WHAT YOU SHOULD DO: Below are the records; copy every line in them that holds the string "andP".

MATERIALS PROVIDED: Begin

Lemma pendant_edge v u a c : e v u -> pendant v u a c ->
  [&& is_edge e [set a; c], v \notin [set a; c], u \notin [set a; c]
    & [exists x in [set a; c], e v x]].
Proof.
move=> vu /and4P[va au ac cv].
have ua : u != a by rewrite eq_sym.
have vc : v != c by rewrite eq_sym.
have uc : u != c.
  by apply: contraTneq ac => <-; apply/negP => au'; apply: (no_triangle va au'); rewrite sym_e.
have touch : [exists x in [set a; c], e v x] by apply/existsP; exists a; rewrite !inE eqxx.
by rewrite is_edge2 // !inE !negb_or (adj_neq va) vc ua uc.
Qed.

Lemma pendant_apart v u a c a' c' :
  pendant v u a c -> pendant v u a' c' -> a != a' -> ~~ e c c' ->
  apart e [set a; c] [set a'; c'].
Proof.
case/and4P=> va _ ac cv /and4P[va' _ a'c' c'v] aa' cc'.
have a'v : e a' v by rewrite sym_e.
have vc : v != c by rewrite eq_sym.
have vc' : v != c' by rewrite eq_sym.
have not_aa' : ~~ e a a'.
  by apply/negP => aa'E; apply: (no_triangle va aa'E a'v).
have not_ac' : ~~ e a c'.
  by apply/negP => ac'E; apply: (no_square va ac'E _ a'v vc' aa'); rewrite sym_e.
have not_ca' : ~~ e c a'.
  apply/negP => ca'E; apply: (@no_square v a' c a va' _ _ _ vc); rewrite 1?sym_e //.
  by rewrite eq_sym.
have neq_cc' : c != c'.
  by apply/negP => /eqP cc'E; apply: (no_square va ac _ a'v vc aa'); rewrite cc'E sym_e.
have neq_ac' : a != c' by apply: contraNneq not_aa' => ->; rewrite sym_e.
have neq_ca' : c != a' by apply: contraNneq not_aa' => <-.
apply: apartI => x y; rewrite !inE => /orP[]/eqP-> /orP[]/eqP->;
  by rewrite ?aa' ?not_aa' ?neq_ac' ?not_ac' ?neq_ca' ?not_ca' ?neq_cc'.
Qed.

Lemma pendant_cross_disjoint r s a c u w :
  e r s -> pendant r s a c -> pendant s r u w -> c != w ->
  [disjoint [set a; c] & [set u; w]].
Proof.
move=> rs /and4P[ra a_s ac _] /and4P[su ur uw _] cw.
have sr : e s r by rewrite sym_e.
have not_au : ~~ e a u.
  by apply/negP => au; apply: (no_square ra au _ sr _ a_s); rewrite 1?sym_e // eq_sym.
have neq_au : a != u.
  by apply/negP => /eqP au; apply: (no_triangle ra _ sr); rewrite au sym_e.
have neq_aw : a != w by apply: contraNneq not_au => ->; rewrite sym_e.
have neq_cu : c != u by apply: contraNneq not_au => <-.
by rewrite disjoints_subset subUset !sub1set !inE !negb_or neq_au neq_aw neq_cu cw.
Qed.

Section Picking.

Hypothesis d_gt3 : 3 < d.

Let pick v (X Y : seq T) : size X + size Y <= 3 -> v \notin Y ->
  exists x, [/\ e v x, x \notin X & ~~ has (e x) Y].
Proof. by move=> small; apply: exists_nbr_avoiding; apply: leq_ltn_trans small d_gt3. Qed.
Arguments pick : clear implicits.

Let nbr_nbr_neq v x z y : e v x -> e x z -> e v y -> y != z.
Proof. by move=> vx xz vy; apply/eqP => yz; apply: (no_triangle vx xz); rewrite sym_e -yz. Qed.

Lemma exists_pendant_pair s r : e s r ->
  exists b1 d1 b2 d2, [/\ pendant s r b1 d1, pendant s r b2 d2, b1 != b2 & ~~ e d1 d2].
Proof.
move=> sr; have [b1 [sb1 b1X _]] := pick s [:: r] [::] isT isT.
have [b2 [sb2 b2X _]] := pick s [:: r; b1] [::] isT isT.
have [d1 [b1d1 d1X _]] := pick b1 [:: s] [::] isT isT.
have b2d1 : b2 \notin [:: d1] by rewrite inE (nbr_nbr_neq sb1 b1d1 sb2).
have [d2 [b2d2 d2X d2Y]] := pick b2 [:: s] [:: d1] isT b2d1.
move: b1X b2X d1X d2X d2Y; rewrite /= !inE !negb_or /= andbT => b1r /andP[b2r b2b1] d1s d2s.
rewrite sym_e => nd12; exists b1, d1, b2, d2.
by rewrite /pendant sb1 sb2 b1r b2r b1d1 b2d2 d1s d2s eq_sym b2b1.
Qed.

Lemma exists_pendant_triple r s d1 d2 : e r s -> r != d1 -> r != d2 ->
  exists a1 c1 a2 c2 a3 c3,
  [/\ [&& pendant r s a1 c1, pendant r s a2 c2 & pendant r s a3 c3],
      [&& a1 != a2, a1 != a3 & a2 != a3], [&& ~~ e c1 c2, ~~ e c1 c3 & ~~ e c2 c3]
    & all (fun c => (c != d1) && (c != d2)) [:: c1; c2; c3]].
Proof.
(* a3 avoids the neighbours of d1 and d2, a2 those of d1, which leaves room for
   choosing c3, c2 and c1 away from d1 and d2. *)
move=> rs rd1 rd2; have rd12 : r \notin [:: d1; d2] by rewrite !inE negb_or rd1 rd2.
have [a3 [ra3 a3X a3Y]] := pick r [:: s] [:: d1; d2] isT rd12.
have rd1' : r \notin [:: d1] by rewrite inE.
have [a2 [ra2 a2X a2Y]] := pick r [:: s; a3] [:: d1] isT rd1'.
have [a1 [ra1 a1X _]] := pick r [:: s; a3; a2] [::] isT isT.
have [c1 [a1c1 c1X _]] := pick a1 [:: r; d1; d2] [::] isT isT.
have a2c1 : a2 \notin [:: c1] by rewrite inE (nbr_nbr_neq ra1 a1c1 ra2).
have [c2 [a2c2 c2X c2Y]] := pick a2 [:: r; d2] [:: c1] isT a2c1.
have a3c12 : a3 \notin [:: c1; c2].
  by rewrite !inE negb_or (nbr_nbr_neq ra1 a1c1 ra3) (nbr_nbr_neq ra2 a2c2 ra3).
have [c3 [a3c3 c3X c3Y]] := pick a3 [:: r] [:: c1; c2] isT a3c12.
move: a3X a3Y a2X a2Y a1X c1X c2X c2Y c3X c3Y; rewrite /= !inE !negb_or /= !andbT.
move=> a3s /andP[na3d1 na3d2] /andP[a2s a2a3] na2d1 /and3P[a1s a1a3 a1a2] c1X.
move=> /andP[c2r c2d2] nc21 c3r /andP[nc31 nc32].
have nc12 : ~~ e c1 c2 by rewrite sym_e.
have nc13 : ~~ e c1 c3 by rewrite sym_e.
have nc23 : ~~ e c2 c3 by rewrite sym_e.
have c2d1 : c2 != d1 by apply: contraNneq na2d1 => <-.
have c3d1 : c3 != d1 by apply: contraNneq na3d1 => <-.
have c3d2 : c3 != d2 by apply: contraNneq na3d2 => <-.
exists a1, c1, a2, c2, a3, c3; rewrite /pendant ra1 ra2 ra3 a1c1 a2c2 a3c3.
rewrite a1s a2s a3s c3r c2r (eq_sym a2) (eq_sym a3) a2a3 a1a2 a1a3 nc12 nc13 nc23.
by case/and3P: c1X => -> -> ->; rewrite c2d1 c2d2 c3d1 c3d2.
Qed.

End Picking.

MATERIALS PROVIDED: End

RESPONSE BELOW:
move: b1X b2X d1X d2X d2Y; rewrite /= !inE !negb_or /= andbT => b1r /andP[b2r b2b1] d1s d2s.
move=> a3s /andP[na3d1 na3d2] /andP[a2s a2a3] na2d1 /and3P[a1s a1a3 a1a2] c1X.
move=> /andP[c2r c2d2] nc21 c3r /andP[nc31 nc32].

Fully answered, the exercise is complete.